WORKING DATA below:

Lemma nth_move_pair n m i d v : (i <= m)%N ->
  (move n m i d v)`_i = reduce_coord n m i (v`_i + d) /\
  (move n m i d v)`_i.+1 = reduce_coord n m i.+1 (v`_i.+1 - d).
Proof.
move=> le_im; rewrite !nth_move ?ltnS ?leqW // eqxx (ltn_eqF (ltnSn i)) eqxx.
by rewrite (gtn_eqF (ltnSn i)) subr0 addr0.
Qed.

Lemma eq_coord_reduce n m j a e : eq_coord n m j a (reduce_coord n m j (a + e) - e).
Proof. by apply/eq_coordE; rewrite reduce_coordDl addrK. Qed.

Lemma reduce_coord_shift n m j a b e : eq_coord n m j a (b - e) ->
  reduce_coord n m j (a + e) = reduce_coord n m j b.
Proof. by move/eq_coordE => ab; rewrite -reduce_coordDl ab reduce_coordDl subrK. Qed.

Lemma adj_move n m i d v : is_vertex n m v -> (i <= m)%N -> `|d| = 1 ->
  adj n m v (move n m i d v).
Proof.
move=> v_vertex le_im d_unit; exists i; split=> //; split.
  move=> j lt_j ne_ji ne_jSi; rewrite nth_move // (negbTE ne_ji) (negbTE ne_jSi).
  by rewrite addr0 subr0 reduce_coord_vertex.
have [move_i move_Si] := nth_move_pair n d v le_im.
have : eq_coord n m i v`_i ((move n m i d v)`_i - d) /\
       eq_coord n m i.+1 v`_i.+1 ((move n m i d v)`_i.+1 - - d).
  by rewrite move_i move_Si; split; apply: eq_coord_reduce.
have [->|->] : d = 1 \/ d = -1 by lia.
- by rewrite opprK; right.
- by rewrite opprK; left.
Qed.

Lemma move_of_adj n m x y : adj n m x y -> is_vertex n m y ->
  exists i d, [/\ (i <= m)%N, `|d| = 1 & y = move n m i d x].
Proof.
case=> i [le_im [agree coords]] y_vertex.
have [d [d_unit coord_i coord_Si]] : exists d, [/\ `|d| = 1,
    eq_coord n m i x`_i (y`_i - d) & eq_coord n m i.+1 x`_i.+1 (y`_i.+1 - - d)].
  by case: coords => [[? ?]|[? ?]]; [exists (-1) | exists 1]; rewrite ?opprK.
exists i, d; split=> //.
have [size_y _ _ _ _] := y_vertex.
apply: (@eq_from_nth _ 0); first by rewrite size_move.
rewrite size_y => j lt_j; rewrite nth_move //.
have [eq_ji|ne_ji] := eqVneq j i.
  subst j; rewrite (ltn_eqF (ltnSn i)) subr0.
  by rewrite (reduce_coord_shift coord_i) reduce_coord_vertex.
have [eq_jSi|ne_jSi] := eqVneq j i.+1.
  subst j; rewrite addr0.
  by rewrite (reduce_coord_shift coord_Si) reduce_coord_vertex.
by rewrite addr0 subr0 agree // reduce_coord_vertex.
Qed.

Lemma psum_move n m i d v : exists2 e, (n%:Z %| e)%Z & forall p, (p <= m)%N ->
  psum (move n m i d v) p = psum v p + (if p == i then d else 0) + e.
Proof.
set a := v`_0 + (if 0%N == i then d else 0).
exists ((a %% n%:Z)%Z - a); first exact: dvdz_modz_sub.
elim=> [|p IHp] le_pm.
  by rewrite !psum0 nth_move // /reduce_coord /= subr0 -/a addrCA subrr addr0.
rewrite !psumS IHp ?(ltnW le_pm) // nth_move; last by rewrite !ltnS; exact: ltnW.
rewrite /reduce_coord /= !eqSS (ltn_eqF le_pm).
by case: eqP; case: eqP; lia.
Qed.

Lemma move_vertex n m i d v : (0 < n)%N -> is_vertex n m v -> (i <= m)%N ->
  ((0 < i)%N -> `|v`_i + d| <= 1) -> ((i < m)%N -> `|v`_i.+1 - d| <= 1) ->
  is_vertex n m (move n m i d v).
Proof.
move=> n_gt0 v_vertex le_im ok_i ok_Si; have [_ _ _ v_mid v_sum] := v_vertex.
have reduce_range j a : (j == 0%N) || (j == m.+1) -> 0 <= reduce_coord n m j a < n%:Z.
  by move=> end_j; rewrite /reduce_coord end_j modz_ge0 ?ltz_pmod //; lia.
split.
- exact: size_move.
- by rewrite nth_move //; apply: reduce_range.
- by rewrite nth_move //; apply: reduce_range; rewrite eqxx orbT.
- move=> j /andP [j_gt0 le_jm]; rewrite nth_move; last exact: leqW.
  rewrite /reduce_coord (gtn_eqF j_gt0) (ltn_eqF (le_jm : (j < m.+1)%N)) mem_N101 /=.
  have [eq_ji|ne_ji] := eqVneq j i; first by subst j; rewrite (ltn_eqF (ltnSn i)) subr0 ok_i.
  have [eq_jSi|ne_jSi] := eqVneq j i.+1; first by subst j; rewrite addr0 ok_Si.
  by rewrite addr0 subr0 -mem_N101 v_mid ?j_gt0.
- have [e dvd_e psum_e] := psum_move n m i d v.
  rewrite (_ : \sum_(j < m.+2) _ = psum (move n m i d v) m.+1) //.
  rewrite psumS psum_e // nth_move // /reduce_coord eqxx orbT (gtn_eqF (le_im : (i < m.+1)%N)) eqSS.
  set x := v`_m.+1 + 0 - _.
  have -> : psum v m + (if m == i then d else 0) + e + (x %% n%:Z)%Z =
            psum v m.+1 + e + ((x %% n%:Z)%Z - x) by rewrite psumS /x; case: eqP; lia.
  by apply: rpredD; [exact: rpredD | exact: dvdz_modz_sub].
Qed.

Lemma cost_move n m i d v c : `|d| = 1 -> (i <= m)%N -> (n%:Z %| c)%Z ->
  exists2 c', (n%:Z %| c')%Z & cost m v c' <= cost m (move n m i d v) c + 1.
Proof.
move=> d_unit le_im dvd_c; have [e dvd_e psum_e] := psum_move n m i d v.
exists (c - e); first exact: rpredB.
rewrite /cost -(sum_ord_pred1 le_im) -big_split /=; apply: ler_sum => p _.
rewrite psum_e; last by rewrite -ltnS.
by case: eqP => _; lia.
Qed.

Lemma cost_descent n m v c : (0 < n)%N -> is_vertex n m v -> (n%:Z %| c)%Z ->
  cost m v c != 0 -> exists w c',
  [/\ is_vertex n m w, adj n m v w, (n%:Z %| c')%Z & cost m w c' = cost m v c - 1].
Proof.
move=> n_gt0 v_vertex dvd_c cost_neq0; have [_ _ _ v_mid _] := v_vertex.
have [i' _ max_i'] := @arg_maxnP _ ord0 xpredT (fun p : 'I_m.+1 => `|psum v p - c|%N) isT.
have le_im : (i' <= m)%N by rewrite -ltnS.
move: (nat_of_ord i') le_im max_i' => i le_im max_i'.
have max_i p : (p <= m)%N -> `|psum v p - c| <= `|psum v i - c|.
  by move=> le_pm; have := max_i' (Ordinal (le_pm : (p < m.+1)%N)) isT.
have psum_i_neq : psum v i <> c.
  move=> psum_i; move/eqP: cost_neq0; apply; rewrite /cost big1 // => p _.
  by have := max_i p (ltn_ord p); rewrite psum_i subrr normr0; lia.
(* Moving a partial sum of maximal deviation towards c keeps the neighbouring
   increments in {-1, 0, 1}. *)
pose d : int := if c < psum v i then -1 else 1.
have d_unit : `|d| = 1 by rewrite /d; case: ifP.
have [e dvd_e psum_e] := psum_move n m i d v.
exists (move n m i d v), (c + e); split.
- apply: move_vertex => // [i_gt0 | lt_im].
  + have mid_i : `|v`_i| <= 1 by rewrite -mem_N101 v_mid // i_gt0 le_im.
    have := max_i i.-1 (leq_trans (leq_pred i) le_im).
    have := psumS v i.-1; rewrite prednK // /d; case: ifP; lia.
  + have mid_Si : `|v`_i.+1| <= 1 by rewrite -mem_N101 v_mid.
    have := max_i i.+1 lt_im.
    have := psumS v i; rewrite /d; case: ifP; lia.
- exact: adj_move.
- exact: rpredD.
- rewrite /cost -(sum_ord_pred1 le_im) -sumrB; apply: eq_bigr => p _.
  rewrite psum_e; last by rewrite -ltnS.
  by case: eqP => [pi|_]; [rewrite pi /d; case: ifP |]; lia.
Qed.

End of WORKING DATA.
WORKING DATA below:

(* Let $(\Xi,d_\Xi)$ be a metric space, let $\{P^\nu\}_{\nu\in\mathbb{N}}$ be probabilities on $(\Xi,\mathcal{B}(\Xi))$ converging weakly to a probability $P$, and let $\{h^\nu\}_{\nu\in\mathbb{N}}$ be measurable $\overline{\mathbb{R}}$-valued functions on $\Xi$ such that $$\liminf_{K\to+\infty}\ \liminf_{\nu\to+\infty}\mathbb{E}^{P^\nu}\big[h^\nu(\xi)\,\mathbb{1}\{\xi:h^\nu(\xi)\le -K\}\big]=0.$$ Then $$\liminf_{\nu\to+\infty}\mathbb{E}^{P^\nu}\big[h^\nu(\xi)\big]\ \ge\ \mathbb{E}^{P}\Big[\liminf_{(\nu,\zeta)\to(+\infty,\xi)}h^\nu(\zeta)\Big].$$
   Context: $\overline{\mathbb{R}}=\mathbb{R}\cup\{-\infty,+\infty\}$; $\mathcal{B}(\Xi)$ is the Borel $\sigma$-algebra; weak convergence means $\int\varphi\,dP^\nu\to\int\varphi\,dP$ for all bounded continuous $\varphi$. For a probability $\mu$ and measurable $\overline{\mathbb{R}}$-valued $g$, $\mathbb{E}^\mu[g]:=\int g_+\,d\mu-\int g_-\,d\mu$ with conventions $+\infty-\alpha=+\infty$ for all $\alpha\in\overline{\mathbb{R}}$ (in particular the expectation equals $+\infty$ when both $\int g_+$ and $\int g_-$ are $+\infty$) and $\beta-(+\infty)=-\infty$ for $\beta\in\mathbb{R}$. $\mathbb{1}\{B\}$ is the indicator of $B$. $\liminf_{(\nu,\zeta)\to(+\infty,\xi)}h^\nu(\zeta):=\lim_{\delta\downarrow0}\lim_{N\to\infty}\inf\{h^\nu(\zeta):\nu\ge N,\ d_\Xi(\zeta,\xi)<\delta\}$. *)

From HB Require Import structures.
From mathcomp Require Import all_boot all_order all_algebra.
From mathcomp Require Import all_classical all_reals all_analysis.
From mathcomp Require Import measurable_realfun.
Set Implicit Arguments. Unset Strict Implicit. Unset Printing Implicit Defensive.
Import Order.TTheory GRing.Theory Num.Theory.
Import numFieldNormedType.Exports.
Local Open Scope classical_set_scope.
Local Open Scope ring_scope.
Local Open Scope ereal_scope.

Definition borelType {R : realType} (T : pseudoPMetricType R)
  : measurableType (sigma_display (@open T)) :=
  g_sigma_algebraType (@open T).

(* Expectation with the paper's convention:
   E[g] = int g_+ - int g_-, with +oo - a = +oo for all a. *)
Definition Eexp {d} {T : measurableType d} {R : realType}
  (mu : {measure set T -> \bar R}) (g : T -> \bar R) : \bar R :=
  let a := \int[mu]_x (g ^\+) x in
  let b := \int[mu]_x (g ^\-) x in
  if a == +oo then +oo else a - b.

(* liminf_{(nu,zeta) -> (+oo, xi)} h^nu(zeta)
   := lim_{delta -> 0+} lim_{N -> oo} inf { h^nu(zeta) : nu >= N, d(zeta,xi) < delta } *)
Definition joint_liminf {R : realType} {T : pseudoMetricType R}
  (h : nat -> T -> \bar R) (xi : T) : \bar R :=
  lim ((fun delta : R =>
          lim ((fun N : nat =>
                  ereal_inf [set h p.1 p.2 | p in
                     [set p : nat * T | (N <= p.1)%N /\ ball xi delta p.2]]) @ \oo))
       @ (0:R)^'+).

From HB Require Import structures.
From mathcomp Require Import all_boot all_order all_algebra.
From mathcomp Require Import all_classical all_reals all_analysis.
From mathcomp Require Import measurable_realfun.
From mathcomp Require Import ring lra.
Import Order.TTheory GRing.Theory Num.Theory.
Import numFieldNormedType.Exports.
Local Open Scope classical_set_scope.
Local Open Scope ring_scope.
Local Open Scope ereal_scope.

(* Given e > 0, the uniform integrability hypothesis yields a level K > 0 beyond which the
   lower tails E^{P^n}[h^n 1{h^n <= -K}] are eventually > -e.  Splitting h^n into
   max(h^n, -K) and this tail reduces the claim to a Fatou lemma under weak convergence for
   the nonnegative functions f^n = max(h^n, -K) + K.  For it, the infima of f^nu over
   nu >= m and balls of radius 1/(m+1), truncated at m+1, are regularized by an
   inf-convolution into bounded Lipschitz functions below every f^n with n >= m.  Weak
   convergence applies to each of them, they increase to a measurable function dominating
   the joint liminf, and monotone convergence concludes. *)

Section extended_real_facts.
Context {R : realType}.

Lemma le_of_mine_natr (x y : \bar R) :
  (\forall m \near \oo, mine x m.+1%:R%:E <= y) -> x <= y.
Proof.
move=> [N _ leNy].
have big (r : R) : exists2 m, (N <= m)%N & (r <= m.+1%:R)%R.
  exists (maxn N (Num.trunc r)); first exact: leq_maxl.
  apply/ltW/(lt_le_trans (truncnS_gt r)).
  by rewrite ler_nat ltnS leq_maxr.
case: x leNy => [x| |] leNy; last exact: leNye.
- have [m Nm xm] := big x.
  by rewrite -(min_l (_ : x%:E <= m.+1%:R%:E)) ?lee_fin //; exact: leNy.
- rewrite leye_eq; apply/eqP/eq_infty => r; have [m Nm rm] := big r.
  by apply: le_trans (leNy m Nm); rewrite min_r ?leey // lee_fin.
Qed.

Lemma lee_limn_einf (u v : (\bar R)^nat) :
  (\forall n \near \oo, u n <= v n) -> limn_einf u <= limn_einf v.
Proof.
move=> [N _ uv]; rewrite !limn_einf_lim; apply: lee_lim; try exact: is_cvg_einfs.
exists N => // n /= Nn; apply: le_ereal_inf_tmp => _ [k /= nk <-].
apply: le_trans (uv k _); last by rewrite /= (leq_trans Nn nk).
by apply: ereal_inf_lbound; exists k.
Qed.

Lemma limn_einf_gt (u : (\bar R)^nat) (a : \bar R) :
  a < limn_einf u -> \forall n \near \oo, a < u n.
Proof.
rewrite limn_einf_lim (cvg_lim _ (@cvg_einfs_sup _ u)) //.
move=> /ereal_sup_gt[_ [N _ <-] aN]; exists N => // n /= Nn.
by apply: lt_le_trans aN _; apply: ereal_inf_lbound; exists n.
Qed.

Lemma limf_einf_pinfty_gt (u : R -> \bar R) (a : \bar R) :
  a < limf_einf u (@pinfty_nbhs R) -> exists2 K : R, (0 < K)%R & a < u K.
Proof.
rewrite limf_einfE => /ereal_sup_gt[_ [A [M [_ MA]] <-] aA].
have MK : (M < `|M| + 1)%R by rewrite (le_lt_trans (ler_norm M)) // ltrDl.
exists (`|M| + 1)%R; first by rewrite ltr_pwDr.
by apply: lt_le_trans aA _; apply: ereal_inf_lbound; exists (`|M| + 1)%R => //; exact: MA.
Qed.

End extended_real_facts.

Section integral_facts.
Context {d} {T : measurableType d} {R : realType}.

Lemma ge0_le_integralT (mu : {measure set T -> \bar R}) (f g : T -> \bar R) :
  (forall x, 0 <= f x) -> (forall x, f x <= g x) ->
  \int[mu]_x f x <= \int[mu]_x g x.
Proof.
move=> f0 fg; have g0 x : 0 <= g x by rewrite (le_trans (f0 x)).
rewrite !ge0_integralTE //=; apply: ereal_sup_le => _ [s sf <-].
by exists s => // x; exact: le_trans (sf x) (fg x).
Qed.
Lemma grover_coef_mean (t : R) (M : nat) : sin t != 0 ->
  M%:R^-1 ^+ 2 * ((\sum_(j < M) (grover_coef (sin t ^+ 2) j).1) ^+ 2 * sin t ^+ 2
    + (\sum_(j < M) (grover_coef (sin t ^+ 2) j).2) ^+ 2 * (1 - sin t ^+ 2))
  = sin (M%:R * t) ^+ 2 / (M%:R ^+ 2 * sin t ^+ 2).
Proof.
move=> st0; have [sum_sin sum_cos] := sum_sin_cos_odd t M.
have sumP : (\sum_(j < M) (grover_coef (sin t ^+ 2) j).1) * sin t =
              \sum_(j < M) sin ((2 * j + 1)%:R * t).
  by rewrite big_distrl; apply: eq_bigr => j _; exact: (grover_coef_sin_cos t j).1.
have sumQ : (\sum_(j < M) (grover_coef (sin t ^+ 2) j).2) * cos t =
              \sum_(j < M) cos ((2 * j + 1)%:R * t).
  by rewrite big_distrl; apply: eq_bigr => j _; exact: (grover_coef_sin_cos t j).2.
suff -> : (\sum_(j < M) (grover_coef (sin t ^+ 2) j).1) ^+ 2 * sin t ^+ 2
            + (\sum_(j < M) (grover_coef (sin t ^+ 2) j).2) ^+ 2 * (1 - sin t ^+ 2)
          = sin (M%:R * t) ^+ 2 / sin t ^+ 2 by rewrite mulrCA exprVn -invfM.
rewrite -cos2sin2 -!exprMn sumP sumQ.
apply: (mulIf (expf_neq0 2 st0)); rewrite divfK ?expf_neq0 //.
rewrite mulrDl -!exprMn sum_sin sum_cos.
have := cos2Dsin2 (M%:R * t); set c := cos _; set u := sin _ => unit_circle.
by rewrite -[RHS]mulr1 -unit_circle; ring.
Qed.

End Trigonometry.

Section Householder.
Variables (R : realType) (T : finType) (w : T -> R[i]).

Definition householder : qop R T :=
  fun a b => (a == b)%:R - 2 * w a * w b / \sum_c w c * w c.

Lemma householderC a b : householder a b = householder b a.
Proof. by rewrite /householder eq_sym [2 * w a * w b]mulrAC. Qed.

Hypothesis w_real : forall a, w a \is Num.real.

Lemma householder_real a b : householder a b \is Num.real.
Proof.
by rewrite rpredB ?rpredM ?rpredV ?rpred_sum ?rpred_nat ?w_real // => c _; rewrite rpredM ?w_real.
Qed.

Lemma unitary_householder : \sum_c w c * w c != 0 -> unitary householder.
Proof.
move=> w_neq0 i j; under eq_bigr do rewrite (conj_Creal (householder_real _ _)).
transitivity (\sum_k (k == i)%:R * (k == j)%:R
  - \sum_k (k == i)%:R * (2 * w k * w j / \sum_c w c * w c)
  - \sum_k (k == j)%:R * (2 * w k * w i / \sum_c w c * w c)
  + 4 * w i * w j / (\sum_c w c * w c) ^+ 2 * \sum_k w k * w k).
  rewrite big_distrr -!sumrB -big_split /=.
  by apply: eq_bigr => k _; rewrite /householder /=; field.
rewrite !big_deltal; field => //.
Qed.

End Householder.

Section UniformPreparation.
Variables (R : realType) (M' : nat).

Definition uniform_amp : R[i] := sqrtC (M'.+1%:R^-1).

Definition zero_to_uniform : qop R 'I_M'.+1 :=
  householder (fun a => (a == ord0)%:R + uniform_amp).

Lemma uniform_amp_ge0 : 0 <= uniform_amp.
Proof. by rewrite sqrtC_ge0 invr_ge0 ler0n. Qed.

End of WORKING DATA.

# EXERCISE
Gather every line from the entries above where the word "subrr" appears, and copy them.

# RESPONSE
  by rewrite !psum0 nth_move // /reduce_coord /= subr0 -/a addrCA subrr addr0.
  by have := max_i p (ltn_ord p); rewrite psum_i subrr normr0; lia.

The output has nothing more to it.